* [EXERCISE BRIEF]:
Nothing past the line containing "Definition hausdorff_distance (A" belongs in the output. Copy exactly every line of the data below from the first up to and including it.

Collected data entries

# # # #

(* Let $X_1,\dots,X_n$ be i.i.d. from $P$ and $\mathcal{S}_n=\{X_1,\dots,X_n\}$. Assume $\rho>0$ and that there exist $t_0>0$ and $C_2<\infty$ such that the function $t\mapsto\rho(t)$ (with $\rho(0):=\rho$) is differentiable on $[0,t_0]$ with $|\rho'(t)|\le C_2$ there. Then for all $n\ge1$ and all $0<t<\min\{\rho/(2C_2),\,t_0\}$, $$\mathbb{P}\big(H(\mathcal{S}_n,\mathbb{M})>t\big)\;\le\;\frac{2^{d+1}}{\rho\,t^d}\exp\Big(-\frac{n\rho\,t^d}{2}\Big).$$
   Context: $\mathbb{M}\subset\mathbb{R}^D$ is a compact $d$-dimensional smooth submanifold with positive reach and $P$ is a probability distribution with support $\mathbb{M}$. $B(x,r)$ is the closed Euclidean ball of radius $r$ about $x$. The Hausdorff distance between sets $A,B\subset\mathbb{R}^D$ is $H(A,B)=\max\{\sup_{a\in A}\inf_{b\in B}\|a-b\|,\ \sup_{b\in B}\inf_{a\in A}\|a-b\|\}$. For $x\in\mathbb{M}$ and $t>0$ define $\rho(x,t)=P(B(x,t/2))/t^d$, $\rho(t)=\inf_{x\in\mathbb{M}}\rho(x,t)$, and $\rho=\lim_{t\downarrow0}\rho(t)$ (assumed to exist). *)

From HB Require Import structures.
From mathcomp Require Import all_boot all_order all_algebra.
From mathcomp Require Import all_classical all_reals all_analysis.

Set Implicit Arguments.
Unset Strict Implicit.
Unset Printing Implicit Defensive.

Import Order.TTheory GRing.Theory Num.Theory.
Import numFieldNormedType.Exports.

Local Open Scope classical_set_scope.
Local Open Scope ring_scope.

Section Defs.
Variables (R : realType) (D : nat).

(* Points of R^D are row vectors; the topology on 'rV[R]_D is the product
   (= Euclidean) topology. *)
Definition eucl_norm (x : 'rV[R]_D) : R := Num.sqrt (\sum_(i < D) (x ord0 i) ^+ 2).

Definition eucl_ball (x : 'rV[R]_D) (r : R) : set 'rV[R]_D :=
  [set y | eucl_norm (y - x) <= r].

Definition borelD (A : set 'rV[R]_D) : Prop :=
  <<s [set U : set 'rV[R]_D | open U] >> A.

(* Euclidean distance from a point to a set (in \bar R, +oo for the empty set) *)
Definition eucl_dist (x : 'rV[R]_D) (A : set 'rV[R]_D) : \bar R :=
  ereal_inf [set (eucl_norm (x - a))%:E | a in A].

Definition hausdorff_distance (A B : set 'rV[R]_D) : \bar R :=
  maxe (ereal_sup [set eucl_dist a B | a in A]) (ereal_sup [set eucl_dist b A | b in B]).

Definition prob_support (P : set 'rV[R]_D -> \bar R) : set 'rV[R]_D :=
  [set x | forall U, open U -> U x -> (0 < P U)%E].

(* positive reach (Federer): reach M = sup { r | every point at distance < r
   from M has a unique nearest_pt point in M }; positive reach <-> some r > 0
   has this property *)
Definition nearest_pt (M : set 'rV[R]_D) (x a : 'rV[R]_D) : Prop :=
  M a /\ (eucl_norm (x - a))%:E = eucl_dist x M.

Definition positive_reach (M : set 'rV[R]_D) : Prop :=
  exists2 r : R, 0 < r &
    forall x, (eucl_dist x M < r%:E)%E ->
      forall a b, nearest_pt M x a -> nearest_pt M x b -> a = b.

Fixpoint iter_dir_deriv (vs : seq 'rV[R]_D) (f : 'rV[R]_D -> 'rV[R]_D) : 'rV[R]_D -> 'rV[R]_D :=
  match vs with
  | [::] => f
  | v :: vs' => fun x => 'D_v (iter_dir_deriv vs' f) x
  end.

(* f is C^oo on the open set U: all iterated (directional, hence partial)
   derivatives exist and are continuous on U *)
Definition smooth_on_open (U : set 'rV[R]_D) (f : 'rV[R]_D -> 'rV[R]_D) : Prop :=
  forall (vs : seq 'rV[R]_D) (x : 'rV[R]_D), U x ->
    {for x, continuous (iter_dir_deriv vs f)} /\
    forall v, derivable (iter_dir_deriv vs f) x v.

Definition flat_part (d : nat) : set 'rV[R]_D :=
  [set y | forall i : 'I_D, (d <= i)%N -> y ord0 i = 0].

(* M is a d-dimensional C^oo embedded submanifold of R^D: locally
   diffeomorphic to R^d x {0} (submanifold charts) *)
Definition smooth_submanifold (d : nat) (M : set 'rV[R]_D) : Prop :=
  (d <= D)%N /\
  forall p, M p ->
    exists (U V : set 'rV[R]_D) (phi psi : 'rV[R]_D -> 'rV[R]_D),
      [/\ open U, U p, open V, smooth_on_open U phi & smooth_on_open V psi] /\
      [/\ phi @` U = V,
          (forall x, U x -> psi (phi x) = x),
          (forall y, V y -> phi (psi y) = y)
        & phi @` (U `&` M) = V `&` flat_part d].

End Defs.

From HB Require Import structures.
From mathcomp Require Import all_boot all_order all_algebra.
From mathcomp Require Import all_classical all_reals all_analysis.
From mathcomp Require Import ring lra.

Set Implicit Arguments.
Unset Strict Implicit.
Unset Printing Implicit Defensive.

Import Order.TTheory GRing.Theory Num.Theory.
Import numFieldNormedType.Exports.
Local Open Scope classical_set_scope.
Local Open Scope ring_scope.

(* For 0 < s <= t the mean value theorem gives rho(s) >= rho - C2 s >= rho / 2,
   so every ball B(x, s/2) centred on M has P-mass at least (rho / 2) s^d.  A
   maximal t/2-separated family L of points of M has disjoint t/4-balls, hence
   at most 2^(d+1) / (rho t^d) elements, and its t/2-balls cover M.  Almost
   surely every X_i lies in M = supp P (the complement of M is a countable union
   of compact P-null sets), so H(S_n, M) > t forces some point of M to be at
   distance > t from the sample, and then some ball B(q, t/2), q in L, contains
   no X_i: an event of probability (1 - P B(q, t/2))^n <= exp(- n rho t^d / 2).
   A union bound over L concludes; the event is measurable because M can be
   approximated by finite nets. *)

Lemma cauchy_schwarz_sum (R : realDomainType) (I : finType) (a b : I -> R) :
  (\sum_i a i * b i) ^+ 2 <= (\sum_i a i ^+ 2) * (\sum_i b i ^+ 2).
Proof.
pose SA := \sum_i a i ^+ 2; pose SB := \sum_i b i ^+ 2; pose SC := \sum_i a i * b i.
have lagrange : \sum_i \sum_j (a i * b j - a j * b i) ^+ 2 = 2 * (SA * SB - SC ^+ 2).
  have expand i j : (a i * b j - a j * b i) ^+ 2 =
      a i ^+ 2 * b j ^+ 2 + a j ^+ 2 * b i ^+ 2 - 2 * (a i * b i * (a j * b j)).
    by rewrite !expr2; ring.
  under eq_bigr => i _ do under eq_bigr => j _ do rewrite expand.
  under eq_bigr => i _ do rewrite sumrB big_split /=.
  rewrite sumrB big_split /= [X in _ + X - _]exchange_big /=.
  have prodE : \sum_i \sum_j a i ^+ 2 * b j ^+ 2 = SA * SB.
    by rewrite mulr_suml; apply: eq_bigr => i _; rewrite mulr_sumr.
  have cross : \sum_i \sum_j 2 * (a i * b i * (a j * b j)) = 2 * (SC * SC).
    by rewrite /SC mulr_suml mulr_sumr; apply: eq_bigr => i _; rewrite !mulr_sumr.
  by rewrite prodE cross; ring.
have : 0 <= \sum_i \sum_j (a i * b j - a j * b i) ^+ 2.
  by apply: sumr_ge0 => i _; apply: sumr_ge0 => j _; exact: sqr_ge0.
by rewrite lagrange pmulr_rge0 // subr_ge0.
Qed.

# # # #

* [OUTPUT BELOW]:
(* Let $X_1,\dots,X_n$ be i.i.d. from $P$ and $\mathcal{S}_n=\{X_1,\dots,X_n\}$. Assume $\rho>0$ and that there exist $t_0>0$ and $C_2<\infty$ such that the function $t\mapsto\rho(t)$ (with $\rho(0):=\rho$) is differentiable on $[0,t_0]$ with $|\rho'(t)|\le C_2$ there. Then for all $n\ge1$ and all $0<t<\min\{\rho/(2C_2),\,t_0\}$, $$\mathbb{P}\big(H(\mathcal{S}_n,\mathbb{M})>t\big)\;\le\;\frac{2^{d+1}}{\rho\,t^d}\exp\Big(-\frac{n\rho\,t^d}{2}\Big).$$
   Context: $\mathbb{M}\subset\mathbb{R}^D$ is a compact $d$-dimensional smooth submanifold with positive reach and $P$ is a probability distribution with support $\mathbb{M}$. $B(x,r)$ is the closed Euclidean ball of radius $r$ about $x$. The Hausdorff distance between sets $A,B\subset\mathbb{R}^D$ is $H(A,B)=\max\{\sup_{a\in A}\inf_{b\in B}\|a-b\|,\ \sup_{b\in B}\inf_{a\in A}\|a-b\|\}$. For $x\in\mathbb{M}$ and $t>0$ define $\rho(x,t)=P(B(x,t/2))/t^d$, $\rho(t)=\inf_{x\in\mathbb{M}}\rho(x,t)$, and $\rho=\lim_{t\downarrow0}\rho(t)$ (assumed to exist). *)

From HB Require Import structures.
From mathcomp Require Import all_boot all_order all_algebra.
From mathcomp Require Import all_classical all_reals all_analysis.

Set Implicit Arguments.
Unset Strict Implicit.
Unset Printing Implicit Defensive.

Import Order.TTheory GRing.Theory Num.Theory.
Import numFieldNormedType.Exports.

Local Open Scope classical_set_scope.
Local Open Scope ring_scope.

Section Defs.
Variables (R : realType) (D : nat).

(* Points of R^D are row vectors; the topology on 'rV[R]_D is the product
   (= Euclidean) topology. *)
Definition eucl_norm (x : 'rV[R]_D) : R := Num.sqrt (\sum_(i < D) (x ord0 i) ^+ 2).

Definition eucl_ball (x : 'rV[R]_D) (r : R) : set 'rV[R]_D :=
  [set y | eucl_norm (y - x) <= r].

Definition borelD (A : set 'rV[R]_D) : Prop :=
  <<s [set U : set 'rV[R]_D | open U] >> A.

(* Euclidean distance from a point to a set (in \bar R, +oo for the empty set) *)
Definition eucl_dist (x : 'rV[R]_D) (A : set 'rV[R]_D) : \bar R :=
  ereal_inf [set (eucl_norm (x - a))%:E | a in A].

Definition hausdorff_distance (A B : set 'rV[R]_D) : \bar R :=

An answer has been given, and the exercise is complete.